• _TASK GOAL_: Within the listing below, please copy exactly the lines between the line holding "by rewrite -(mem_H_rot" and the line holding "('D_(X z) (fun w => fco", inclusive.

• _EXTRACTED INFORMATION_:
Lemma card_setD_m1 r :
  #|H r (shifted (-1)%R) :\: H r w| <= #|H r w :\: H r (shifted 1%R)| /\
  ((exists2 W, W \in H r w :\: H r (shifted 1%R) & vtx 0 \in W) ->
   #|H r (shifted (-1)%R) :\: H r w| < #|H r w :\: H r (shifted 1%R)|).
Proof.
set S := [set rot @: e | e : {set 'I_n} in H r (shifted (-1)%R) :\: H r w].
have cardS : #|S| = #|H r (shifted (-1)%R) :\: H r w|.
  by rewrite card_imset //; apply: imset_inj; exact: rot_inj.
have top_out e : e \in H r (shifted (-1)%R) :\: H r w -> vtx k.+1 \notin e.
  by rewrite in_setD => /andP [eB eA]; apply/negP => top_e; move: eB; rewrite (H_m1_top top_e eA).
have sub_S : S \subset H r w :\: H r (shifted 1%R).
  apply/subsetP => _ /imsetP [e ediff ->]; have top_e := top_out e ediff.
  move: ediff; rewrite !in_setD => /andP [eB eA].
  by rewrite -(mem_H_rot _ wat_rot_m1 top_e) eA andbT -(mem_H_rot _ wat_rot_p1 top_e) eB.
have org_out W : W \in S -> vtx 0 \notin W.
  case/imsetP => e ediff ->; apply/imsetP => [[x xe /esym x0]].
  have x_top : x = vtx k.+1 by apply: rot_inj; rewrite x0 rot_top.
  by move: (top_out e ediff); rewrite -x_top xe.
rewrite -cardS; split; first exact: subset_leq_card.
case=> W WD W0; apply: proper_card; apply/properP; split => //; exists W => //.
by apply/negP => /org_out; rewrite W0.
Qed.
Lemma LC_Vproj_ver h :
  LC Gam c X (fun w => Vproj Gam w (Y w)) z ord0 (ver h) =
  'D_(X z) (fun w => fco Gam w (Y w) ord0 (ver h)) z +
  \sum_(i < n) \sum_(j < n)
    - Gam j i h (xpart z) * X z ord0 (hor i) * fco Gam z (Y z) ord0 (ver j).
Proof.
rewrite LC_entry; last exact: derivable_Vproj.
have -> : (fun w => Vproj Gam w (Y w) ord0 (ver h)) = (fun w => fco Gam w (Y w) ord0 (ver h)).
  by apply/funext => w; rewrite Vproj_ver.
have Vhor0 A j :
    LCGam Gam c z (ver h) A (hor j) * X z ord0 A * Vproj Gam z (Y z) ord0 (hor j) = 0.
  by rewrite Vproj_hor mulr0.
congr (_ + _); rewrite sum_hor_ver [s in _ + s]big1 ?addr0; last first.
  move=> i _; rewrite sum_hor_ver big1 ?add0r => [|j _]; last exact: Vhor0.
  by apply: big1 => j _; rewrite LCGam_ver_ver_ver !mul0r.
apply: eq_bigr => i _; rewrite sum_hor_ver big1 ?add0r => [|j _]; last exact: Vhor0.
by apply: eq_bigr => j _; rewrite LCGam_ver_hor_ver // Vproj_ver.
Qed.

Lemma SVK_hor k :
  SVK Gam c X Y z ord0 (hor k) =
  'D_(X z) (fun w => Y w ord0 (hor k)) z +
  \sum_(i < n) \sum_(j < n) Gam k i j (xpart z) * X z ord0 (hor i) * Y z ord0 (hor j).
Proof. by rewrite /SVK [LHS]mxE Hproj_hor Vproj_hor addr0 LC_Hproj_hor. Qed.

Lemma SVK_ver h :
  SVK Gam c X Y z ord0 (ver h) =
  \sum_(j < n) ('D_(X z) (fun w => Y w ord0 (hor j)) z +
      \sum_(i < n) \sum_(l < n) Gam j i l (xpart z) * X z ord0 (hor i) * Y z ord0 (hor l)) *
    Evert_mx z j h +
  ('D_(X z) (fun w => fco Gam w (Y w) ord0 (ver h)) z +
  \sum_(i < n) \sum_(j < n)
    - Gam j i h (xpart z) * X z ord0 (hor i) * fco Gam z (Y z) ord0 (ver j)).
Proof.
rewrite /SVK [LHS]mxE Hproj_ver Vproj_ver fco_ver LC_Vproj_ver.
under eq_bigr do rewrite LC_Hproj_hor.
by under [s in _ + (_ - s)]eq_bigr do rewrite LC_Vproj_hor mul0r; rewrite big1_eq subr0.
Qed.

Lemma fco_hor_fun j :
  (fun w => fco Gam w (Y w) ord0 (hor j)) = (fun w => Y w ord0 (hor j)).
Proof. by apply/funext => w; rewrite fco_hor. Qed.

Lemma HL_hor k : HL Gam X Y z ord0 (hor k) = SVK Gam c X Y z ord0 (hor k).
Proof.
rewrite SVK_hor /HL [LHS]mxE !summxE !sum_hor_ver.
under eq_bigr do rewrite mxE Eframe_hor_hor.
rewrite sum_delta_l fco_hor_fun [s in _ + s + _]big1 ?addr0; last first.
  by move=> j _; rewrite mxE Eframe_ver_hor mulr0.
rewrite [s in _ + (_ + s)]big1 ?addr0; last first.
  by move=> i _; rewrite summxE big1 // => B _; rewrite HLframe_ver scaler0 mxE.
congr (_ + _); apply: eq_bigr => i _; rewrite summxE sum_hor_ver.
rewrite [s in _ + s]big1 ?addr0; last by move=> j _; rewrite mxE HLframe_hor_ver_hor mulr0.
by apply: eq_bigr => j _; rewrite mxE HLframe_hor_hor_hor !fco_hor mulrC mulrA.
Qed.

Lemma HL_ver h : HL Gam X Y z ord0 (ver h) = SVK Gam c X Y z ord0 (ver h).
Proof.
rewrite SVK_ver /HL [LHS]mxE !summxE !sum_hor_ver.
under eq_bigr do rewrite mxE Eframe_hor_ver fco_hor_fun.
under [s in _ + s + _]eq_bigr do rewrite mxE Eframe_ver_ver.
rewrite sum_delta_l [s in _ + (_ + s)]big1 ?addr0; last first.
  by move=> i _; rewrite summxE big1 // => B _; rewrite HLframe_ver scaler0 mxE.
have HLframe_sum i :
    (\sum_(B < n + n) (fco Gam z (X z) ord0 (hor i) * fco Gam z (Y z) ord0 B) *:
       HLframe Gam (hor i) B z) ord0 (ver h) =
    \sum_(l < n) X z ord0 (hor i) * Y z ord0 (hor l) *
      \sum_(j < n) Gam j i l (xpart z) * Evert_mx z j h +
    \sum_(j < n) - Gam j i h (xpart z) * X z ord0 (hor i) * fco Gam z (Y z) ord0 (ver j).
  rewrite summxE sum_hor_ver; congr (_ + _); apply: eq_bigr => j _.
    by rewrite mxE HLframe_hor_hor_ver !fco_hor.
  by rewrite mxE HLframe_hor_ver_ver fco_hor mulrC mulrA.
under [s in _ + s = _]eq_bigr do rewrite HLframe_sum.
under [in RHS]eq_bigr do rewrite mulrDl.
rewrite big_split [in RHS]big_split /= sum_trilinear_swap.
by rewrite -!addrA; congr (_ + _); rewrite addrCA.
Qed.

End AtPoint.

End AdaptedFrame.

Theorem proposition5 (R : realType) (n : nat)
  (U : set 'rV[R]_n) (U_open : open U)
  (Gam : 'I_n -> 'I_n -> 'I_n -> 'rV[R]_n -> R)
  (c : 'I_n -> 'I_n -> 'rV[R]_n -> R)
  (Gam_smooth : forall h i j, smooth_on U (Gam h i j))
  (torsion_free : forall h i j x, U x -> Gam h i j x = Gam h j i x)
  (c_smooth : forall i j, smooth_on U (c i j))
  (c_sym : forall i j x, U x -> c i j x = c j i x)
  (X Y : vfield R n)
  (X_smooth : forall A, smooth_on (@xpart R n @^-1` U) (fun z => X z ord0 A))
  (Y_smooth : forall A, smooth_on (@xpart R n @^-1` U) (fun z => Y z ord0 A))
  (z : pt R n) (hz : U (xpart z)) :
  SVK Gam c X Y z = HL Gam X Y z.
Proof.
have Gam_diff a h j : differentiable (Gam a h j) (xpart z) := Gam_smooth a h j [::] _ hz.
have Y_der B : derivable (fun w => Y w ord0 B) z (X z).
  exact/diff_derivable/(Y_smooth B [::] z hz).
have Gam_sym h i j := torsion_free h i j _ hz.
by apply/rowP; apply: hor_ver_ind => k; apply/esym; [exact: HL_hor | exact: HL_ver].
Qed.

• _PROBLEM SOLUTION_:
  by rewrite -(mem_H_rot _ wat_rot_m1 top_e) eA andbT -(mem_H_rot _ wat_rot_p1 top_e) eB.
have org_out W : W \in S -> vtx 0 \notin W.
  case/imsetP => e ediff ->; apply/imsetP => [[x xe /esym x0]].
  have x_top : x = vtx k.+1 by apply: rot_inj; rewrite x0 rot_top.
  by move: (top_out e ediff); rewrite -x_top xe.
rewrite -cardS; split; first exact: subset_leq_card.
case=> W WD W0; apply: proper_card; apply/properP; split => //; exists W => //.
by apply/negP => /org_out; rewrite W0.
Qed.
Lemma LC_Vproj_ver h :
  LC Gam c X (fun w => Vproj Gam w (Y w)) z ord0 (ver h) =
  'D_(X z) (fun w => fco Gam w (Y w) ord0 (ver h)) z +
  \sum_(i < n) \sum_(j < n)
    - Gam j i h (xpart z) * X z ord0 (hor i) * fco Gam z (Y z) ord0 (ver j).
Proof.
rewrite LC_entry; last exact: derivable_Vproj.
have -> : (fun w => Vproj Gam w (Y w) ord0 (ver h)) = (fun w => fco Gam w (Y w) ord0 (ver h)).
  by apply/funext => w; rewrite Vproj_ver.
have Vhor0 A j :
    LCGam Gam c z (ver h) A (hor j) * X z ord0 A * Vproj Gam z (Y z) ord0 (hor j) = 0.
  by rewrite Vproj_hor mulr0.
congr (_ + _); rewrite sum_hor_ver [s in _ + s]big1 ?addr0; last first.
  move=> i _; rewrite sum_hor_ver big1 ?add0r => [|j _]; last exact: Vhor0.
  by apply: big1 => j _; rewrite LCGam_ver_ver_ver !mul0r.
apply: eq_bigr => i _; rewrite sum_hor_ver big1 ?add0r => [|j _]; last exact: Vhor0.
by apply: eq_bigr => j _; rewrite LCGam_ver_hor_ver // Vproj_ver.
Qed.

Lemma SVK_hor k :
  SVK Gam c X Y z ord0 (hor k) =
  'D_(X z) (fun w => Y w ord0 (hor k)) z +
  \sum_(i < n) \sum_(j < n) Gam k i j (xpart z) * X z ord0 (hor i) * Y z ord0 (hor j).
Proof. by rewrite /SVK [LHS]mxE Hproj_hor Vproj_hor addr0 LC_Hproj_hor. Qed.

Lemma SVK_ver h :
  SVK Gam c X Y z ord0 (ver h) =
  \sum_(j < n) ('D_(X z) (fun w => Y w ord0 (hor j)) z +
      \sum_(i < n) \sum_(l < n) Gam j i l (xpart z) * X z ord0 (hor i) * Y z ord0 (hor l)) *
    Evert_mx z j h +
  ('D_(X z) (fun w => fco Gam w (Y w) ord0 (ver h)) z +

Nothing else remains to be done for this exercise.